→ The problem:
Nothing but the lines from the one containing "T | e u v) wt u v." through the end of the data below may appear in the response, each one exact.

→ Data provided:

********************

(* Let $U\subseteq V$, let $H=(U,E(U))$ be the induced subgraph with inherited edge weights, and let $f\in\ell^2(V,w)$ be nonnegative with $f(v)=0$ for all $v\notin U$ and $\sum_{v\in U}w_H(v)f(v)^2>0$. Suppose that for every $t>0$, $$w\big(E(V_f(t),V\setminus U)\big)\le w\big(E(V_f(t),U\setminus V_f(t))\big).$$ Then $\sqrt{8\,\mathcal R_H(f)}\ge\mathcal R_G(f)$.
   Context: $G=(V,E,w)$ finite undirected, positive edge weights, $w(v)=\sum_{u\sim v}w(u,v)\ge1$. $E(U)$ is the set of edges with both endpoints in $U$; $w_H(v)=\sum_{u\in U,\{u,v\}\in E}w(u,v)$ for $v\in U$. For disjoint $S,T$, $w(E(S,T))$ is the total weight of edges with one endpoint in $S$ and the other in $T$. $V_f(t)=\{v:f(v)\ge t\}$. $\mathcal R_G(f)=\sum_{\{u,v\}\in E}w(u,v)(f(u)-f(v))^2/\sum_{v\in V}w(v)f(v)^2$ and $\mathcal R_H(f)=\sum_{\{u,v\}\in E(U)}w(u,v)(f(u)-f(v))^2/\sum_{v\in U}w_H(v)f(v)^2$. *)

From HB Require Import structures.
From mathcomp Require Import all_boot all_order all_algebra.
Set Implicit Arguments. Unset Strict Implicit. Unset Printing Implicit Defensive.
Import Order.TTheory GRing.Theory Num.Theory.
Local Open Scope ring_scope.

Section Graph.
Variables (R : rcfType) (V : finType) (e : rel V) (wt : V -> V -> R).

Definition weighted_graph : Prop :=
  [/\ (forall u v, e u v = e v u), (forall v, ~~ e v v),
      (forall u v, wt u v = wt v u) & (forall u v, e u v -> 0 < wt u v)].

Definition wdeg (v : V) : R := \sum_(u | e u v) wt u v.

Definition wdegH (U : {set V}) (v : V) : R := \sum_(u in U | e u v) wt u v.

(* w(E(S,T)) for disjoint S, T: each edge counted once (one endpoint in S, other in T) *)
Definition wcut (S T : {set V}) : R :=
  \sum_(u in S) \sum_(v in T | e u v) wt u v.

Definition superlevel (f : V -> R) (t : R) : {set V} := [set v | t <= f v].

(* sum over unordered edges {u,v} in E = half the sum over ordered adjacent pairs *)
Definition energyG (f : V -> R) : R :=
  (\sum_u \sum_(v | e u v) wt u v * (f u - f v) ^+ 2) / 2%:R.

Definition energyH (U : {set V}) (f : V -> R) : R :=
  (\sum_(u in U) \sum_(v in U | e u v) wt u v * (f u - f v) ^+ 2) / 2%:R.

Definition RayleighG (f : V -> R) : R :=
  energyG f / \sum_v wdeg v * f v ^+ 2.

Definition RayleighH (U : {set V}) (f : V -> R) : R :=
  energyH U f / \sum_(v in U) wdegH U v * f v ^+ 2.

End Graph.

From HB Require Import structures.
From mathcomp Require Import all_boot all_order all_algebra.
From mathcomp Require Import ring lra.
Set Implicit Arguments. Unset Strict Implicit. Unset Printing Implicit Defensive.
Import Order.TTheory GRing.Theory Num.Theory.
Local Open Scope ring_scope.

********************

→ Exercise answer:
  \sum_(u in S) \sum_(v in T | e u v) wt u v.

Definition superlevel (f : V -> R) (t : R) : {set V} := [set v | t <= f v].

(* sum over unordered edges {u,v} in E = half the sum over ordered adjacent pairs *)
Definition energyG (f : V -> R) : R :=
  (\sum_u \sum_(v | e u v) wt u v * (f u - f v) ^+ 2) / 2%:R.

Definition energyH (U : {set V}) (f : V -> R) : R :=
  (\sum_(u in U) \sum_(v in U | e u v) wt u v * (f u - f v) ^+ 2) / 2%:R.

Definition RayleighG (f : V -> R) : R :=
  energyG f / \sum_v wdeg v * f v ^+ 2.

Definition RayleighH (U : {set V}) (f : V -> R) : R :=
  energyH U f / \sum_(v in U) wdegH U v * f v ^+ 2.

End Graph.

From HB Require Import structures.
From mathcomp Require Import all_boot all_order all_algebra.
From mathcomp Require Import ring lra.
Set Implicit Arguments. Unset Strict Implicit. Unset Printing Implicit Defensive.
Import Order.TTheory GRing.Theory Num.Theory.
Local Open Scope ring_scope.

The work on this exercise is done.